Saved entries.
☆ ☆ ☆ ☆ ☆ ☆ ☆
(* Let $n\ge 2$ and let $k_1,\dots,k_n$, $a_1,\dots,a_{n-1}$, $b_1,\dots,b_n$ be real or complex numbers ($3n-1$ parameters). Let $A_1$ be the $n\times n$ matrix with entries $$(A_1)_{ij}=\begin{cases} k_i b_j, & i\le j,\\ k_j a_j, & i>j.\end{cases}$$ Define $c_i=k_{i+1}b_i-k_ia_i$ for $i=1,\dots,n-1$, $c_0=1$, $c_n=b_n$; $d_i=k_{i+1}a_{i+1}b_i-k_ia_ib_{i+1}$ for $i=1,\dots,n-2$, $d_0=a_1$; $f_i=a_i-b_i$ for $i=2,\dots,n-1$; $g_i=k_{i+1}-k_i$ for $i=2,\dots,n-1$, $g_n=1$. Assume $k_1\neq 0$ and $c_i\neq 0$ for $i=1,\dots,n$. Then $A_1$ is invertible and its inverse $A_1^{-1}=[\alpha_{ij}]$ is the lower Hessenberg matrix with entries $$\alpha_{ij}=\begin{cases} \dfrac{k_{i+1}b_{i-1}-k_{i-1}a_{i-1}}{c_{i-1}c_i}, & i=j,\ i\neq 1,n,\\[2mm] \dfrac{k_2}{k_1c_1}, & i=j=1,\\[2mm] \dfrac{b_{n-1}}{c_{n-1}c_n}, & i=j=n,\\[2mm] (-1)^{i+j}\dfrac{d_{j-1}\,g_i\prod_{\nu=j+1}^{i-1}k_\nu f_\nu}{\prod_{\nu=j-1}^{i}c_\nu}, & i-j\ge 1,\\[2mm] -\dfrac{1}{c_i}, & j-i=1,\\[2mm] 0, & j-i>1, \end{cases}$$ where the empty product $\prod_{\nu=j+1}^{i-1}k_\nu f_\nu$ (case $i=j+1$) is taken to be $1$.
   Context: A lower Hessenberg matrix is a square matrix whose entries $(i,j)$ vanish whenever $j-i>1$. *)

From HB Require Import structures.
From mathcomp Require Import all_boot all_order all_algebra.
Set Implicit Arguments. Unset Strict Implicit. Unset Printing Implicit Defensive.
Import Order.TTheory GRing.Theory Num.Theory.
Local Open Scope ring_scope.

(* All parameter sequences k, a, b : nat -> R are indexed from 1 as in the
   paper (values at other indices are irrelevant). Matrix indices i : 'I_n
   correspond to the paper's index i+1. *)

Section Defs.
Variable R : numFieldType.
Variables (n : nat) (k a b : nat -> R).

Definition A1 : 'M[R]_n :=
  \matrix_(i < n, j < n)
    if (i <= j)%N then k i.+1 * b j.+1 else k j.+1 * a j.+1.

Definition cc (i : nat) : R :=
  if i == 0%N then 1 else if i == n then b n
  else k i.+1 * b i - k i * a i.

Definition dd (i : nat) : R :=
  if i == 0%N then a 1%N
  else k i.+1 * a i.+1 * b i - k i * a i * b i.+1.

Definition ff (i : nat) : R := a i - b i.

Definition gg (i : nat) : R := if i == n then 1 else k i.+1 - k i.

Definition alpha (i j : nat) : R :=
  if i == j then
    (if i == 1%N then k 2%N / (k 1%N * cc 1%N)
     else if i == n then b n.-1 / (cc n.-1 * cc n)
     else (k i.+1 * b i.-1 - k i.-1 * a i.-1) / (cc i.-1 * cc i))
  else if (j < i)%N then
    (-1) ^+ (i + j) * dd j.-1 * gg i * (\prod_(j.+1 <= nu < i) (k nu * ff nu))
      / (\prod_(j.-1 <= nu < i.+1) cc nu)
  else if j == i.+1 then - (cc i)^-1
  else 0.

Definition alpha_mx : 'M[R]_n := \matrix_(i < n, j < n) alpha i.+1 j.+1.

End Defs.

Definition lower_hessenberg (R : ringType) (n : nat) (M : 'M[R]_n) : Prop :=
  forall i j : 'I_n, (i.+1 < j)%N -> M i j = 0.

From HB Require Import structures.
From mathcomp Require Import all_boot all_order all_algebra.
From mathcomp Require Import ring zify.
Import Order.TTheory GRing.Theory Num.Theory.
Local Open Scope ring_scope.

(* We check A_1 * alpha = 1 column by column.  Row i of A_1 sends a vector x
   to k_i * (sum_{l >= i} b_l x_l) + sum_{l < i} k_l a_l x_l, so consecutive
   rows differ by g_i * (sum_{l > i} b_l x_l) + k_i f_i x_i.  For the j-th
   column x of alpha the tail sums vanish from row 1 to row j - 1 and, below
   row j, are signed ratios of the products of the k_nu f_nu and of the c_nu,
   the same ratios that make up the entries of alpha.  Hence the rows above
   j give 0, row j gives 1, the step to row j + 1 is -1, and every later step
   cancels. *)

Section A1Inverse.
Variables (R : numFieldType) (n : nat) (k a b : nat -> R).

Local Notation c := (cc n k a b).
Local Notation d := (dd k a b).
Local Notation f := (ff a b).
Local Notation g := (gg n k).
Local Notation alpha := (alpha n k a b).

Lemma ccE i : (0 < i < n)%N -> c i = k i.+1 * b i - k i * a i.
Proof. by move=> lt_i; rewrite /cc ifF ?ifF //; apply/eqP; lia. Qed.

Lemma cc_n : (0 < n)%N -> c n = b n.
Proof. by move=> n_gt0; rewrite /cc eqxx ifF //; apply/eqP; lia. Qed.

Lemma dd_gt0 i : (0 < i)%N -> d i = k i.+1 * a i.+1 * b i - k i * a i * b i.+1.
Proof. by case: i. Qed.

Lemma ggE i : (i < n)%N -> g i = k i.+1 - k i.
Proof. by move=> lt_in; rewrite /gg ifF //; apply/eqP; lia. Qed.

Lemma gg_n : g n = 1.
Proof. by rewrite /gg eqxx. Qed.

Lemma alpha_below i j : (j < i)%N ->
  alpha i j = (-1) ^+ (i + j) * d j.-1 * g i
    * (\prod_(j.+1 <= nu < i) (k nu * f nu)) / \prod_(j.-1 <= nu < i.+1) c nu.
Proof. by move=> lt_ji; rewrite /alpha ifF ?lt_ji //; apply/eqP; lia. Qed.

Lemma alpha_superdiag i : alpha i i.+1 = - (c i)^-1.
Proof. by rewrite /alpha ltn_eqF // ltnNge leqnSn eqxx. Qed.

Lemma alpha_far_above i j : (i.+1 < j)%N -> alpha i j = 0.
Proof. by move=> lt_ij; rewrite /alpha !ifF //; apply/eqP; lia. Qed.

Lemma alpha_11 : alpha 1%N 1%N = k 2%N / (k 1%N * c 1%N).
Proof. by rewrite /alpha eqxx. Qed.

Lemma alpha_nn : (1 < n)%N -> alpha n n = b n.-1 / (c n.-1 * c n).
Proof. by move=> n_gt1; rewrite /alpha eqxx ifF //; apply/eqP; lia. Qed.

Lemma alpha_diag i : (1 < i < n)%N ->
  alpha i i = (k i.+1 * b i.-1 - k i.-1 * a i.-1) / (c i.-1 * c i).
Proof. by move=> lt_i; rewrite /alpha eqxx !ifF //; apply/eqP; lia. Qed.

Lemma alpha_mx_lower_hessenberg : lower_hessenberg (alpha_mx n k a b).
Proof. by move=> i j lt_ij; rewrite mxE alpha_far_above. Qed.

Definition tailb (x : nat -> R) m := \sum_(m <= l < n.+1) b l * x l.

Definition rowA1 (x : nat -> R) i :=
  k i * tailb x i + \sum_(1 <= l < i) k l * a l * x l.

Lemma tailb_cons x m : (m <= n)%N -> tailb x m = b m * x m + tailb x m.+1.
Proof. by move=> le_mn; rewrite /tailb big_ltn. Qed.

Lemma tailb_end x : tailb x n.+1 = 0.
Proof. by rewrite /tailb big_geq. Qed.

Lemma rowA1_1 x : rowA1 x 1%N = k 1%N * tailb x 1%N.
Proof. by rewrite /rowA1 big_geq // addr0. Qed.

Lemma rowA1S x i : (0 < i < n)%N ->
  rowA1 x i.+1 = rowA1 x i + g i * tailb x i.+1 + k i * f i * x i.
Proof.
move=> lt_i; have le_in : (i <= n)%N by lia.
rewrite /rowA1 big_nat_recr /=; last lia.
by rewrite (tailb_cons x _ le_in) ggE /ff; [ring | lia].
Qed.

Lemma mulA1E x (i : 'I_n) :
  \sum_(l < n) A1 n k a b i l * x l.+1 = rowA1 x i.+1.
Proof.
under eq_bigr do rewrite mxE.
rewrite -(big_mkord xpredT (fun l =>
  (if (i <= l)%N then k i.+1 * b l.+1 else k l.+1 * a l.+1) * x l.+1)).
rewrite (big_cat_nat _ (n := i)) //=; last exact: ltnW.
rewrite /rowA1 /tailb !big_add1 /= addrC big_distrr /=.
congr (_ + _); apply: eq_big_nat => l lt_l.
  by rewrite ifT ?mulrA //; lia.
by rewrite ifF //; lia.
Qed.

Hypothesis n_gt1 : (1 < n)%N.
Hypothesis k1_neq0 : k 1%N != 0.
Hypothesis c_neq0 : forall i : nat, (1 <= i <= n)%N -> c i != 0.

Lemma cc_neq0 i : (i <= n)%N -> c i != 0.
Proof. by case: i => [|i] le_in; [rewrite oner_neq0 | apply: c_neq0]. Qed.

Lemma prod_cc_neq0 s t : (t <= n.+1)%N -> \prod_(s <= nu < t) c nu != 0.
Proof.
move=> le_t; rewrite prodf_seq_neq0; apply/allP => nu.
by rewrite mem_index_iota => lt_nu; apply: cc_neq0; lia.
Qed.

Section Column.
Variable j : nat.
Hypothesis j_gt0 : (0 < j)%N.
Hypothesis le_jn : (j <= n)%N.

Local Notation v := (fun l => alpha l j).

Lemma alpha_pred : alpha j.-1 j = - (c j.-1)^-1.
Proof. by rewrite -{2}(prednK j_gt0) alpha_superdiag. Qed.

Lemma tailb_alpha_below m : (j < m <= n)%N ->
  tailb v m = (-1) ^+ (m + j) * d j.-1
    * (\prod_(j.+1 <= nu < m) (k nu * f nu)) / \prod_(j.-1 <= nu < m) c nu.
Proof.
move=> lt_m; move def_t: (n - m)%N => t.
elim: t m lt_m def_t => [|t IHt] m lt_m def_t.
  have -> : m = n by lia.
  have bn_neq0 : b n != 0 by rewrite -cc_n ?cc_neq0 //; lia.
  have C_neq0 : \prod_(j.-1 <= nu < n) c nu != 0 by apply: prod_cc_neq0.
  rewrite tailb_cons // tailb_end alpha_below ?gg_n ?big_nat_recr /= ?cc_n //; try lia.
  by field; rewrite bn_neq0 C_neq0.
have cm_neq0 : c m != 0 by apply: cc_neq0; lia.
have C_neq0 : \prod_(j.-1 <= nu < m) c nu != 0 by apply: prod_cc_neq0; lia.
rewrite ccE in cm_neq0; last lia.
rewrite tailb_cons ?IHt ?alpha_below ?ggE ?addSn ?exprS; try lia.
rewrite !big_nat_recr /= ?ccE /ff; try lia.
by field; rewrite cm_neq0 C_neq0.
Qed.

Lemma tailb_alpha_succ : (j < n)%N -> tailb v j.+1 = - d j.-1 / (c j.-1 * c j).
Proof.
move=> lt_jn; rewrite tailb_alpha_below; last lia.
rewrite addSn exprS exprD -expr2 sqrr_sign mulr1 big_geq // mulr1.
have -> : j.+1 = j.-1.+2 by lia.
by rewrite big_nat_recr //= big_nat1 prednK // mulN1r.
Qed.

Lemma tailb_alpha_diag : (1 < j)%N -> tailb v j = b j.-1 / c j.-1.
Proof.
move=> j_gt1; have cj1_neq0 : c j.-1 != 0 by apply: cc_neq0; lia.
have cj_neq0 : c j != 0 by apply: cc_neq0.
rewrite tailb_cons //=; have [lt_jn | ge_jn] := ltnP j n.
  rewrite tailb_alpha_succ // alpha_diag ?dd_gt0; try lia.
  rewrite ccE in cj_neq0 *; last lia.
  rewrite ccE in cj1_neq0 *; last lia.
  rewrite prednK in cj1_neq0 *; last lia.
  by field; rewrite cj1_neq0 cj_neq0.
have def_j : j = n by lia.
rewrite def_j in cj_neq0 cj1_neq0 *.
rewrite alpha_nn // tailb_end cc_n in cj_neq0 *; last lia.
by field; rewrite cj1_neq0 cj_neq0.
Qed.

Lemma tailb_alpha_above l : (0 < l < j)%N -> tailb v l = 0.
Proof.
move=> lt_l; move def_t: (j.-1 - l)%N => t.
elim: t l lt_l def_t => [|t IHt] l lt_l def_t.
  have def_l : l = j.-1 by lia.
  have cj1_neq0 : c j.-1 != 0 by apply: cc_neq0; lia.
  rewrite def_l tailb_cons /= ?alpha_pred ?prednK ?tailb_alpha_diag; try lia.
  by field.
rewrite tailb_cons /= ?alpha_far_above ?mulr0 ?add0r ?IHt //; lia.
Qed.

Lemma sum_alpha_above i : (i < j)%N -> \sum_(1 <= l < i) k l * a l * v l = 0.
Proof.
move=> lt_ij; rewrite big1_seq // => l /andP[_]; rewrite mem_index_iota => lt_l.
by rewrite /= alpha_far_above ?mulr0 //; lia.
Qed.

Lemma rowA1_alpha_above i : (0 < i < j)%N -> rowA1 v i = 0.
Proof.
by move=> lt_i; rewrite /rowA1 tailb_alpha_above ?sum_alpha_above ?mulr0 ?addr0 //; lia.
Qed.

Lemma rowA1_alpha_diag : rowA1 v j = 1.
Proof.
have [j_eq1 | j_gt1] := eqVneq j 1%N.
  have c1_neq0 : c 1%N != 0 by apply: cc_neq0; lia.
  have tailb2 := tailb_alpha_succ; rewrite j_eq1 in tailb2 *.
  rewrite rowA1_1 tailb_cons /=; last lia.
  rewrite alpha_11 tailb2 // ccE in c1_neq0 *; last lia.
  by rewrite /dd /cc /=; field; rewrite c1_neq0 k1_neq0.
have cj1_neq0 : c j.-1 != 0 by apply: cc_neq0; lia.
have def_j : j = j.-1.+1 by lia.
rewrite /rowA1 [in X in \sum_(_ <= _ < X) _]def_j big_nat_recr /=; last lia.
rewrite sum_alpha_above ?alpha_pred ?tailb_alpha_diag; try lia.
rewrite ccE in cj1_neq0 *; last lia.
rewrite prednK in cj1_neq0 *; last lia.
by field.
Qed.

Lemma row_step_alpha_diag : (j < n)%N -> g j * tailb v j.+1 + k j * f j * v j = -1.
Proof.
move=> lt_jn; have cj_neq0 : c j != 0 by apply: cc_neq0.
rewrite tailb_alpha_succ // ggE //= /ff.
have [j_eq1 | j_gt1] := eqVneq j 1%N.
  rewrite j_eq1 alpha_11 in cj_neq0 *.
  rewrite ccE in cj_neq0 *; last lia.
  by rewrite /dd /cc /=; field; rewrite cj_neq0 k1_neq0.
have cj1_neq0 : c j.-1 != 0 by apply: cc_neq0; lia.
rewrite alpha_diag ?dd_gt0; try lia.
rewrite ccE in cj_neq0 *; last lia.
rewrite ccE in cj1_neq0 *; last lia.
rewrite prednK in cj1_neq0 *; last lia.
by field; rewrite cj1_neq0 cj_neq0.
Qed.

Lemma row_step_alpha_below i : (j < i < n)%N ->
  g i * tailb v i.+1 + k i * f i * v i = 0.
Proof.
move=> lt_i; rewrite tailb_alpha_below /= ?alpha_below; try lia.
by rewrite big_nat_recr /= 1?addSn 1?exprS; [ring | lia].
Qed.

Lemma rowA1_alpha_below i : (j < i <= n)%N -> rowA1 v i = 0.
Proof.
elim: i => [|i IHi] lt_i; first lia.
rewrite rowA1S; last lia.
have [lt_ji | le_ij] := ltnP j i.
  by rewrite IHi -?addrA ?row_step_alpha_below ?addr0 //; lia.
have -> : i = j by lia.
by rewrite rowA1_alpha_diag -addrA row_step_alpha_diag ?subrr //; lia.
Qed.

Lemma rowA1_alpha i : (0 < i <= n)%N -> rowA1 v i = (i == j)%:R.
Proof.
move=> lt_i; have [lt_ij | lt_ji | ->] := ltngtP i j.
- by rewrite rowA1_alpha_above //; lia.
- by rewrite rowA1_alpha_below //; lia.
- by rewrite rowA1_alpha_diag.
Qed.

End Column.

Lemma mulmx_A1_alpha : A1 n k a b *m alpha_mx n k a b = 1%:M.
Proof.
apply/matrixP => i j; rewrite !mxE.
under eq_bigr => l _ do rewrite [alpha_mx _ _ _ _ l j]mxE.
have /= -> := mulA1E (fun l => alpha l j.+1) i.
by rewrite rowA1_alpha ?ltn_ord.
Qed.

End A1Inverse.

Theorem mainTheorem1 (R : numFieldType) (n : nat) (k a b : nat -> R) :
  (2 <= n)%N ->
  k 1%N != 0 ->
  (forall i : nat, (1 <= i <= n)%N -> cc n k a b i != 0) ->
  [/\ A1 n k a b \in unitmx,
      lower_hessenberg (invmx (A1 n k a b)) &
      invmx (A1 n k a b) = alpha_mx n k a b].
Proof.
move=> n_gt1 k1_neq0 c_neq0.
have A1_alpha := mulmx_A1_alpha _ _ _ _ _ n_gt1 k1_neq0 c_neq0.
have [A1_unit _] := mulmx1_unit A1_alpha.
have inv_A1 : invmx (A1 n k a b) = alpha_mx n k a b.
  by rewrite -[LHS]mulmx1 -A1_alpha mulKmx.
by rewrite inv_A1; split=> //; apply: alpha_mx_lower_hessenberg.
Qed.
☆ ☆ ☆ ☆ ☆ ☆ ☆
Could you return all lines from the records that include the word "rows"?

   rows differ by g_i * (sum_{l > i} b_l x_l) + k_i f_i x_i.  For the j-th
   the same ratios that make up the entries of alpha.  Hence the rows above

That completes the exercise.